• _What this task involves_
Search the records for the string "minority" and copy every line in which it appears.

[Collected data entries]
______________________________

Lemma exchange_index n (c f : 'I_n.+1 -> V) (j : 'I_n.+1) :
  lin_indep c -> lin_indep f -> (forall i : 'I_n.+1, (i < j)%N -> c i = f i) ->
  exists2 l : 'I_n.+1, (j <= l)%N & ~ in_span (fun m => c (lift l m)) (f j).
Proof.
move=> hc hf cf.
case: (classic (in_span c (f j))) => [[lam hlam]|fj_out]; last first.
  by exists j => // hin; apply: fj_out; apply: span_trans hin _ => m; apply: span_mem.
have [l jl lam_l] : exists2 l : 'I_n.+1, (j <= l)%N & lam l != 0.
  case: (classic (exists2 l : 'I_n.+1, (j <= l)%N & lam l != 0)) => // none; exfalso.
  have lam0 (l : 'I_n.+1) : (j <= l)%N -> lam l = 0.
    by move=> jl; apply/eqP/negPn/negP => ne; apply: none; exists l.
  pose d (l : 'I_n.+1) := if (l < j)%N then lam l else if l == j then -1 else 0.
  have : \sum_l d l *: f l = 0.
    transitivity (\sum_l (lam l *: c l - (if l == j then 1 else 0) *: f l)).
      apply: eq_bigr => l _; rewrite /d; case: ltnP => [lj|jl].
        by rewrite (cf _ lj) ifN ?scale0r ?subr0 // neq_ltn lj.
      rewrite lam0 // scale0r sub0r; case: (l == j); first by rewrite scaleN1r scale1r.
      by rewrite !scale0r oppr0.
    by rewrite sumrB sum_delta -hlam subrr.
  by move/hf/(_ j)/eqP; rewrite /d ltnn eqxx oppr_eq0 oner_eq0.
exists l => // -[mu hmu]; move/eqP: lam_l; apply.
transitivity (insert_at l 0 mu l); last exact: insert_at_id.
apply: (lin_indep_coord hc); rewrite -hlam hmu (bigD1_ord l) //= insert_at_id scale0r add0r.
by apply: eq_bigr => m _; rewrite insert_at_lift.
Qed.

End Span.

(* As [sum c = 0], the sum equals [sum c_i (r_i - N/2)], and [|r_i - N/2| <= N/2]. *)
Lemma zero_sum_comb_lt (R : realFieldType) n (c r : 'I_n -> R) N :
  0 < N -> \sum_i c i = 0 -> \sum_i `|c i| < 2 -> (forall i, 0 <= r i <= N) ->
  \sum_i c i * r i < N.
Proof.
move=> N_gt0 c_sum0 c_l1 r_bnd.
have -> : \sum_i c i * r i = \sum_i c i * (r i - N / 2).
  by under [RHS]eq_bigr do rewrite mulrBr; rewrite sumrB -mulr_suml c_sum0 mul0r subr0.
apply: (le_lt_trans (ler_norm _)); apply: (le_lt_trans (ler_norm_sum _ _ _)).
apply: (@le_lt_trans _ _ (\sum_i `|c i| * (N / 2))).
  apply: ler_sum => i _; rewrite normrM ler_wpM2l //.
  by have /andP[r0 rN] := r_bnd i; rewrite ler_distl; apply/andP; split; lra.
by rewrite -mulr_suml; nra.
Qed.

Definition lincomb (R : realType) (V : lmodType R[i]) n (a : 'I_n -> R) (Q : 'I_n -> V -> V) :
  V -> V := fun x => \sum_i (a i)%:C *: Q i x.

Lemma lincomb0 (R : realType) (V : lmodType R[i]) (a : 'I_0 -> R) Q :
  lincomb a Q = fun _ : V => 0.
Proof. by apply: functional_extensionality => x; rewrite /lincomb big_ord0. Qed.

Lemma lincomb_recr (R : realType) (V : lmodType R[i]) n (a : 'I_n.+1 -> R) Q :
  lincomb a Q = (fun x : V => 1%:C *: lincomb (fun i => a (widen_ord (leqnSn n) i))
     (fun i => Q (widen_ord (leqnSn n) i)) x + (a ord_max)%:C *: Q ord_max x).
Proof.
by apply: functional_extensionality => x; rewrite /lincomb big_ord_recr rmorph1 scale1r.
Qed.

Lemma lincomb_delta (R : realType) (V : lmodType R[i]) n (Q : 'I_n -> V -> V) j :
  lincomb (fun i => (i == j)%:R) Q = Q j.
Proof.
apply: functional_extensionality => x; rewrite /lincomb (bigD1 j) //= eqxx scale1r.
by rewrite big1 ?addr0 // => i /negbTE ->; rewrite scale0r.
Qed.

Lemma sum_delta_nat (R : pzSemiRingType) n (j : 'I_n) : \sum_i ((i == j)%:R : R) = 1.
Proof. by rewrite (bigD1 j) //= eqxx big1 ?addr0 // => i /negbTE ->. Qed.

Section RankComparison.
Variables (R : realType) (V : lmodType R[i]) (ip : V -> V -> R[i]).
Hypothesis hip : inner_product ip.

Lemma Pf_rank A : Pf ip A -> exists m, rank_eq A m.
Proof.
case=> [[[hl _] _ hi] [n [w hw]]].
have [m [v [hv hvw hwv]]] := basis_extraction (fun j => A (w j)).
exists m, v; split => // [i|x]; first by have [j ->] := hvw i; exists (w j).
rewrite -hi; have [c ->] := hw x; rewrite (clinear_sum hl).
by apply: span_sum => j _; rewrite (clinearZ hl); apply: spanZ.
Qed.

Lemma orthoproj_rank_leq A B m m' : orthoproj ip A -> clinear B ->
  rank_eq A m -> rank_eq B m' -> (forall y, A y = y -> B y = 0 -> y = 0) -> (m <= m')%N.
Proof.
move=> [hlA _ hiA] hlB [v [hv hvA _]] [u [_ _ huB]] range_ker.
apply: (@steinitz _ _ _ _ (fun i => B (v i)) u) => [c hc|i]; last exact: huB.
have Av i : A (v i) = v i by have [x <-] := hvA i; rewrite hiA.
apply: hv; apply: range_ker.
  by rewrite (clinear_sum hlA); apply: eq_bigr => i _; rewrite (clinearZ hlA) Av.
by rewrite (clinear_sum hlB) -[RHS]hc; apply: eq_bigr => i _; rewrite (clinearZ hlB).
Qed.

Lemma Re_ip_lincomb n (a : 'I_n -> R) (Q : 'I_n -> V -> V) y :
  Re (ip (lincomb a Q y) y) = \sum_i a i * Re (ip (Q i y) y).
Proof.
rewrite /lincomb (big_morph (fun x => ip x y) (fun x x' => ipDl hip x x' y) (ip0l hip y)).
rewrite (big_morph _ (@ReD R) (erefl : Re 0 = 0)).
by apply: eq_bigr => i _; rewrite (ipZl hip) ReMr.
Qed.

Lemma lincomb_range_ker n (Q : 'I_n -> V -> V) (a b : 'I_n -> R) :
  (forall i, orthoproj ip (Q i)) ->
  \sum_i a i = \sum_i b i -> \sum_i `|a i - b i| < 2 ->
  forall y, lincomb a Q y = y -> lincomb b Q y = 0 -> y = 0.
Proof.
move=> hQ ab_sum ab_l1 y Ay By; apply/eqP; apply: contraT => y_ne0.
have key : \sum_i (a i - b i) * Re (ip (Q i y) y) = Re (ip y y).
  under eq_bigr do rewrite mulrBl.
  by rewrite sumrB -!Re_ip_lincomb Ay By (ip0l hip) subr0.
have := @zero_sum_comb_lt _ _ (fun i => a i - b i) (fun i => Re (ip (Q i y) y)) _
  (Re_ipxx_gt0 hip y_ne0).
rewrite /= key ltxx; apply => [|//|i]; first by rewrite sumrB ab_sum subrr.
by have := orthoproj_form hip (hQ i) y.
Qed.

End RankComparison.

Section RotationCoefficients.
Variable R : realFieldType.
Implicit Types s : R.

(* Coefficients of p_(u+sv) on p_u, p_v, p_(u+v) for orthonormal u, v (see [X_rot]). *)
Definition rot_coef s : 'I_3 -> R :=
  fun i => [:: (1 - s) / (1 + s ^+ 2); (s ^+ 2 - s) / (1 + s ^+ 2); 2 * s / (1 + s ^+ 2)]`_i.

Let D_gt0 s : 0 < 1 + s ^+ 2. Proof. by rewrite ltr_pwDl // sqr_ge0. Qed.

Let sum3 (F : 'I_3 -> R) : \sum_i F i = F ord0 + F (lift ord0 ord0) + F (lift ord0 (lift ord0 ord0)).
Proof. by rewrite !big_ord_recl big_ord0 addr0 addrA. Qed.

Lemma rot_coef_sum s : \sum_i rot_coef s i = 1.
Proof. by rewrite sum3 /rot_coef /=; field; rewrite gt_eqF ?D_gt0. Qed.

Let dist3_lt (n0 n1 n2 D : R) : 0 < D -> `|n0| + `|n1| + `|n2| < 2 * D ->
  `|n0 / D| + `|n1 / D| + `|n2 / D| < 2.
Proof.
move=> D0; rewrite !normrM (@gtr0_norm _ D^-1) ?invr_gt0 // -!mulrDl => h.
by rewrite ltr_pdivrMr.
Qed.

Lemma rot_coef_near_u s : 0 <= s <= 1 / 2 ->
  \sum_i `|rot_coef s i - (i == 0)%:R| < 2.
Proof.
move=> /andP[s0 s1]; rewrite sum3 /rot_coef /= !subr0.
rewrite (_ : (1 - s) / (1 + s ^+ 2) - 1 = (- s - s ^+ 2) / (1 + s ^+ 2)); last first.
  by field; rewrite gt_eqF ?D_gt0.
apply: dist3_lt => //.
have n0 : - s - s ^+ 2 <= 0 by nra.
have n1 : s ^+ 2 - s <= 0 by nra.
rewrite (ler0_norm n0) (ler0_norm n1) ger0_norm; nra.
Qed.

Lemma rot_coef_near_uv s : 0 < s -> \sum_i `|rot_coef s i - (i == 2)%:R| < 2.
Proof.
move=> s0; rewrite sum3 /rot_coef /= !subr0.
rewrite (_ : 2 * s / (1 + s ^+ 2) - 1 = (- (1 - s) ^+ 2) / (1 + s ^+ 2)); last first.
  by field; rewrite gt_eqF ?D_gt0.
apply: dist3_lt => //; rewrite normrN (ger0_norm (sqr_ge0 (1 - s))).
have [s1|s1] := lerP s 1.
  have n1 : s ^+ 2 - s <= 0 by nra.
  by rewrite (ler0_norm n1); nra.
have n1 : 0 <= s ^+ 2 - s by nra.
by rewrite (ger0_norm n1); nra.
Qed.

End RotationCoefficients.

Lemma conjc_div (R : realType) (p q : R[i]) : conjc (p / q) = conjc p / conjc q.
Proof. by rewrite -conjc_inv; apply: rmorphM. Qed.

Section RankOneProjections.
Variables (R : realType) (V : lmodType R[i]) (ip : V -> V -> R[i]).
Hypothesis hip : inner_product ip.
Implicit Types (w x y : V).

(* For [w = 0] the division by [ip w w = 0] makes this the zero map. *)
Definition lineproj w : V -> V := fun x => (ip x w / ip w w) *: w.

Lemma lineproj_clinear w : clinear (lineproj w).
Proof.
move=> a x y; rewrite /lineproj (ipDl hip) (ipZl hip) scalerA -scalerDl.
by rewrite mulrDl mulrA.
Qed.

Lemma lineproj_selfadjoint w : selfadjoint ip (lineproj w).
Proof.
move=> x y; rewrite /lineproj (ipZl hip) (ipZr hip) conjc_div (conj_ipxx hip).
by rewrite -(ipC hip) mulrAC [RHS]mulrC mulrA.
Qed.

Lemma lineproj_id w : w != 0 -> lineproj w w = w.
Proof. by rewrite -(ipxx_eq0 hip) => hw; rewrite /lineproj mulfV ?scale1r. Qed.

______________________________

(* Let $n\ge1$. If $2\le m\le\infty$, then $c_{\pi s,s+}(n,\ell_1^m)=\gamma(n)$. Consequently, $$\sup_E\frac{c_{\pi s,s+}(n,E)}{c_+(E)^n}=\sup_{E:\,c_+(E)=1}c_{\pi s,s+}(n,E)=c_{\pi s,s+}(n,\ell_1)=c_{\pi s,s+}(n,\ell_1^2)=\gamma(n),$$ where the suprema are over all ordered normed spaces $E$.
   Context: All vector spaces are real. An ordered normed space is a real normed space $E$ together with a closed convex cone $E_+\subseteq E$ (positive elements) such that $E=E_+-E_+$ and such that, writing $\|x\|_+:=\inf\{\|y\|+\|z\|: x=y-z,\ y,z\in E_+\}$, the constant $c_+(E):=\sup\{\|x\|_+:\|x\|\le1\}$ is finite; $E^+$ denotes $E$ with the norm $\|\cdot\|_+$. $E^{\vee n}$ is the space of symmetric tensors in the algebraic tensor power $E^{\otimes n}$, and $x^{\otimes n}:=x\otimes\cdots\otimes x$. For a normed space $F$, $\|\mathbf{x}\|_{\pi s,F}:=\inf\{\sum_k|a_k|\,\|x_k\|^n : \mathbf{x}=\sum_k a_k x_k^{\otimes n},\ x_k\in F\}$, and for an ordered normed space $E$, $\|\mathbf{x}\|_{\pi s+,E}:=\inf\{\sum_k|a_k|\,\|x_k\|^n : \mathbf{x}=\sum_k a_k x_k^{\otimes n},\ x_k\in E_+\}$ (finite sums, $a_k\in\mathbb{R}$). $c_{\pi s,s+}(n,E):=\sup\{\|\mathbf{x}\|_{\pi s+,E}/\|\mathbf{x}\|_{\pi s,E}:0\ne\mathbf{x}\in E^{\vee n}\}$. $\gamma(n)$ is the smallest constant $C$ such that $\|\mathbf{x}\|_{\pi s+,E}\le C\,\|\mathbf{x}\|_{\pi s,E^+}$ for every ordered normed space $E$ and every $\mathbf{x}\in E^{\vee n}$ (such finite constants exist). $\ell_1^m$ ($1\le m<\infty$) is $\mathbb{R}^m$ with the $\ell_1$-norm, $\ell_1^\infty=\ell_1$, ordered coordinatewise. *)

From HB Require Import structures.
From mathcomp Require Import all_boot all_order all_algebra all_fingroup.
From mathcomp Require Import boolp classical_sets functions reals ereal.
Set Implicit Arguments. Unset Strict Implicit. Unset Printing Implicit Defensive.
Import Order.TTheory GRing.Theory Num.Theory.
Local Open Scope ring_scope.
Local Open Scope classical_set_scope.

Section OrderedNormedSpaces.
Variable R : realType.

______________________________

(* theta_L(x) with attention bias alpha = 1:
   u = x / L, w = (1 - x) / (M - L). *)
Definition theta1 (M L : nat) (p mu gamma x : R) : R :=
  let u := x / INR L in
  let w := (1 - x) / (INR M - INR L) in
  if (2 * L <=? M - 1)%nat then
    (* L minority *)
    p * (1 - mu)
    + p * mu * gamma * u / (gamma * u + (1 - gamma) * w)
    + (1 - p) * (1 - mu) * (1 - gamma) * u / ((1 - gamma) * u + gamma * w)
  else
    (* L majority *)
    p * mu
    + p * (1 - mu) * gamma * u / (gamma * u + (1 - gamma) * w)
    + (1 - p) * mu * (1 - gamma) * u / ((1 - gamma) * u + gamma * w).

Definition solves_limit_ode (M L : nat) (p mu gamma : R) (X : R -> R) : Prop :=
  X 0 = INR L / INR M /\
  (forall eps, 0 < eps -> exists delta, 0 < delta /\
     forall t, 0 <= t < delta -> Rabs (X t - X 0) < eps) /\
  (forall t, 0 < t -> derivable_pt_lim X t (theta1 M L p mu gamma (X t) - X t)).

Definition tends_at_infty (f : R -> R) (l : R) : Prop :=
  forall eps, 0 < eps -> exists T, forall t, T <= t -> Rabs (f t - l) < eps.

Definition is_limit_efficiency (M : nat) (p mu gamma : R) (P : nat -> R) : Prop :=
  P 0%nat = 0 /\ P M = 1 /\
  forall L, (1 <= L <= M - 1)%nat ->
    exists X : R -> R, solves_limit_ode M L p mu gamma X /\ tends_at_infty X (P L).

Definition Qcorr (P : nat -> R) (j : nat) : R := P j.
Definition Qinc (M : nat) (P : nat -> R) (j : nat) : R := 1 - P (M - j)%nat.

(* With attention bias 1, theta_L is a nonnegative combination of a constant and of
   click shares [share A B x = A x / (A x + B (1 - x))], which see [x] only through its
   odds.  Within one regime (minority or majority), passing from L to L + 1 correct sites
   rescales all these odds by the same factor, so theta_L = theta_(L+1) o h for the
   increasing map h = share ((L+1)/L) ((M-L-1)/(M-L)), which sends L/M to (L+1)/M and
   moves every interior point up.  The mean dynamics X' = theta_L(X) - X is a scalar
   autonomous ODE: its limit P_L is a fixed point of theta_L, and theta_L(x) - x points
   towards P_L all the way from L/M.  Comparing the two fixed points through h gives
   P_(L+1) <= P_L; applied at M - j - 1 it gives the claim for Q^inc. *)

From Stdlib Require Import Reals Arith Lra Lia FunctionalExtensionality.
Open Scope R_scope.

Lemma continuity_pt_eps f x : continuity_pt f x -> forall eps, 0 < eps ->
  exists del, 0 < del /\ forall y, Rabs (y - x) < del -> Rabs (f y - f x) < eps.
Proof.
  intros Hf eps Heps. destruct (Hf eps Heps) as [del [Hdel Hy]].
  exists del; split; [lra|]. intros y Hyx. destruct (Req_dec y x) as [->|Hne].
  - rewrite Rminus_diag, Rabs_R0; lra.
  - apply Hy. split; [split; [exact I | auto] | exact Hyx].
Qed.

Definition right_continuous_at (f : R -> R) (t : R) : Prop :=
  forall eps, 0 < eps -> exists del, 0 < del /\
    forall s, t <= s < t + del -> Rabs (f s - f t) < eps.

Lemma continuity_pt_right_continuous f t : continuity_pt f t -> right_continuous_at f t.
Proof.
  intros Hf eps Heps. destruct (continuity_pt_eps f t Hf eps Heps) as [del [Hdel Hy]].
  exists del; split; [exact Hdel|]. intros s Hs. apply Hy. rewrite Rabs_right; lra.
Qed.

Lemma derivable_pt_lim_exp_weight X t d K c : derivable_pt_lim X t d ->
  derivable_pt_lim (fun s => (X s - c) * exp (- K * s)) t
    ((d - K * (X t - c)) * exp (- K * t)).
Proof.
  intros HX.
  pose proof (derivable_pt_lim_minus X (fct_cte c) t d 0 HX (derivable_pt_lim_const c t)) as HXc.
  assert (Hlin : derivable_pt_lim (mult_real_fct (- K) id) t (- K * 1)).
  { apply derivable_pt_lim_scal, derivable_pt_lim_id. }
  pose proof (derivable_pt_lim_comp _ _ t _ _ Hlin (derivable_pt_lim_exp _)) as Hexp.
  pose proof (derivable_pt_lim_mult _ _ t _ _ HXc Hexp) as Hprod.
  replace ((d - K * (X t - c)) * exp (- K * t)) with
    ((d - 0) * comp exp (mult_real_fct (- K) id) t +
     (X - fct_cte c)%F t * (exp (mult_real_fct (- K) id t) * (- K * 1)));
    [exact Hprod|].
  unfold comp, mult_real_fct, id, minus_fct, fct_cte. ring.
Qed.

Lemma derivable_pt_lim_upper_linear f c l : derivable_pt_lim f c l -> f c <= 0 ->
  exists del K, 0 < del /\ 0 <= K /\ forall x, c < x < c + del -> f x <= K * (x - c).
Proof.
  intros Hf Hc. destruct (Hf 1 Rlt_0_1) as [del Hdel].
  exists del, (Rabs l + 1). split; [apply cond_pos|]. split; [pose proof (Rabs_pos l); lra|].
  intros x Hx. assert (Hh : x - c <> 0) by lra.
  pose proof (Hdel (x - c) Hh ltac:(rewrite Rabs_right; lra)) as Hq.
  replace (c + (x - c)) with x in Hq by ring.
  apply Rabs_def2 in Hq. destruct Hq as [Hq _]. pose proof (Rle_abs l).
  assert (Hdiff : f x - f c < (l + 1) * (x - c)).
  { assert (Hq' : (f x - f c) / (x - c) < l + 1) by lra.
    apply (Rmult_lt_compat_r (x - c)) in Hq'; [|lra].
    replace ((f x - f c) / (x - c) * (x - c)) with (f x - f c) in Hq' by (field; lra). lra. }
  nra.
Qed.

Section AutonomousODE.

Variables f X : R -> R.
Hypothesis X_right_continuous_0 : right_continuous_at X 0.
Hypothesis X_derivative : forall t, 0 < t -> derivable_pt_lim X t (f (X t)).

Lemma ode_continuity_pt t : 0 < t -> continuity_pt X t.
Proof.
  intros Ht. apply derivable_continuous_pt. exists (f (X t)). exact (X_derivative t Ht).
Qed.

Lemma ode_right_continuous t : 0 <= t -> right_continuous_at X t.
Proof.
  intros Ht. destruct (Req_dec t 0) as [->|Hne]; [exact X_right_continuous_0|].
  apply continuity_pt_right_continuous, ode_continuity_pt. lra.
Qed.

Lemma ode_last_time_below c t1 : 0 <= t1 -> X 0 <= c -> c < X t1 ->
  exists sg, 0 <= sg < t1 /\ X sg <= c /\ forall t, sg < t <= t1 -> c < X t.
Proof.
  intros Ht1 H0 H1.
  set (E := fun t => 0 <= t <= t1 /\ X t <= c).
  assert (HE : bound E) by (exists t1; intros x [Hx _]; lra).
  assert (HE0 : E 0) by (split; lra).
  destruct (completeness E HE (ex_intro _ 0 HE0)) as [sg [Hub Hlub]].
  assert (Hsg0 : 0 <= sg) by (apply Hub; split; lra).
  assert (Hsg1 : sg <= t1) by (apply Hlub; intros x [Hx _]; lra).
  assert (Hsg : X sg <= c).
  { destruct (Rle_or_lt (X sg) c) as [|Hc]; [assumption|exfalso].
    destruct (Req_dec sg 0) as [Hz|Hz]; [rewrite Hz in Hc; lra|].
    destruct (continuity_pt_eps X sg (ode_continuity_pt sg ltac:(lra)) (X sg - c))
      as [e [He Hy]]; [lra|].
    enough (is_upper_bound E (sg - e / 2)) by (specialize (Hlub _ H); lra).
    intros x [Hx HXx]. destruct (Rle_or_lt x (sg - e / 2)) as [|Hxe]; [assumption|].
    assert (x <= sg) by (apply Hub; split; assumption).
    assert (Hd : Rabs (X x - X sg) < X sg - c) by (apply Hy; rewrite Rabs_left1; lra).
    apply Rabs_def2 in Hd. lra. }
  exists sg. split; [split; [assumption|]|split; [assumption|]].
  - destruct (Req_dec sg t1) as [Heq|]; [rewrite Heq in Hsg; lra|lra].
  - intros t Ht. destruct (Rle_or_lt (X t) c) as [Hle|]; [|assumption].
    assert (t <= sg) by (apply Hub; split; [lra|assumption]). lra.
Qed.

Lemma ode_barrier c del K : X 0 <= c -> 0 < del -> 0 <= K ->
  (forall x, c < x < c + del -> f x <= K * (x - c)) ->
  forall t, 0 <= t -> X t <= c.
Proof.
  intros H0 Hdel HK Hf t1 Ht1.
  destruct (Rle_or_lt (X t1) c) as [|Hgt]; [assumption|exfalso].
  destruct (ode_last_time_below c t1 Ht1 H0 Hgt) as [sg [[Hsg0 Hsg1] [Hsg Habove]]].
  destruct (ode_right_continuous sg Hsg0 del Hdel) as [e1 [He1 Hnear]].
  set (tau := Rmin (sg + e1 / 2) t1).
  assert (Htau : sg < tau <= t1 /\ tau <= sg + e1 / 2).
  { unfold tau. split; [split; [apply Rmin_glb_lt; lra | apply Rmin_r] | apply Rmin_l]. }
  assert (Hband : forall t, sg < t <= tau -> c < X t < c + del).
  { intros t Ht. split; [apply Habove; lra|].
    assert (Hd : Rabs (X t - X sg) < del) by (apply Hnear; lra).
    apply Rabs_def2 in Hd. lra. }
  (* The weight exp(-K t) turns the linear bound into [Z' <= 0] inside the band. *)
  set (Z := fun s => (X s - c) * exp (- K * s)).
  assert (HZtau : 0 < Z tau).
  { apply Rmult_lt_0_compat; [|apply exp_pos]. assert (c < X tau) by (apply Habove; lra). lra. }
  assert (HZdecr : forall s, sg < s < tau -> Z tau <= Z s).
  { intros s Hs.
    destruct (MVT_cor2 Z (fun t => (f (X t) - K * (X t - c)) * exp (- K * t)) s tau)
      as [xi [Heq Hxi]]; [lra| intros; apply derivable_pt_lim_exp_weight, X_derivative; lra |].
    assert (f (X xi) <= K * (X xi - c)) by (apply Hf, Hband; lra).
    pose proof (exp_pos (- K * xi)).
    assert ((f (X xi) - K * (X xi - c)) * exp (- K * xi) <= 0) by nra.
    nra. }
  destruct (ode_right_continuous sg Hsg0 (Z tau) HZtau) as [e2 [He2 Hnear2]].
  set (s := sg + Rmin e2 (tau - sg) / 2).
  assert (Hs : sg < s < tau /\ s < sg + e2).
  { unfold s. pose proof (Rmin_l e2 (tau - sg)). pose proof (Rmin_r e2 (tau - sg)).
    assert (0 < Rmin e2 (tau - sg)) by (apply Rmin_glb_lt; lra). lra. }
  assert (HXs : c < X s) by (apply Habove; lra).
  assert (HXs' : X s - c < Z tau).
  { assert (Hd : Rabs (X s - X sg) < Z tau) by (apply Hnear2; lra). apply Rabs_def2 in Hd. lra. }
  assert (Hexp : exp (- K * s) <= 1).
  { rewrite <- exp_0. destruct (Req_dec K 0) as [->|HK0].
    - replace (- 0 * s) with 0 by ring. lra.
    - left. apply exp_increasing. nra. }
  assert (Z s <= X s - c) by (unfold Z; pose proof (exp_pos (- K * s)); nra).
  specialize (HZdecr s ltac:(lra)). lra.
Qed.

______________________________

• _Task solution_
    (* L minority *)
   odds.  Within one regime (minority or majority), passing from L to L + 1 correct sites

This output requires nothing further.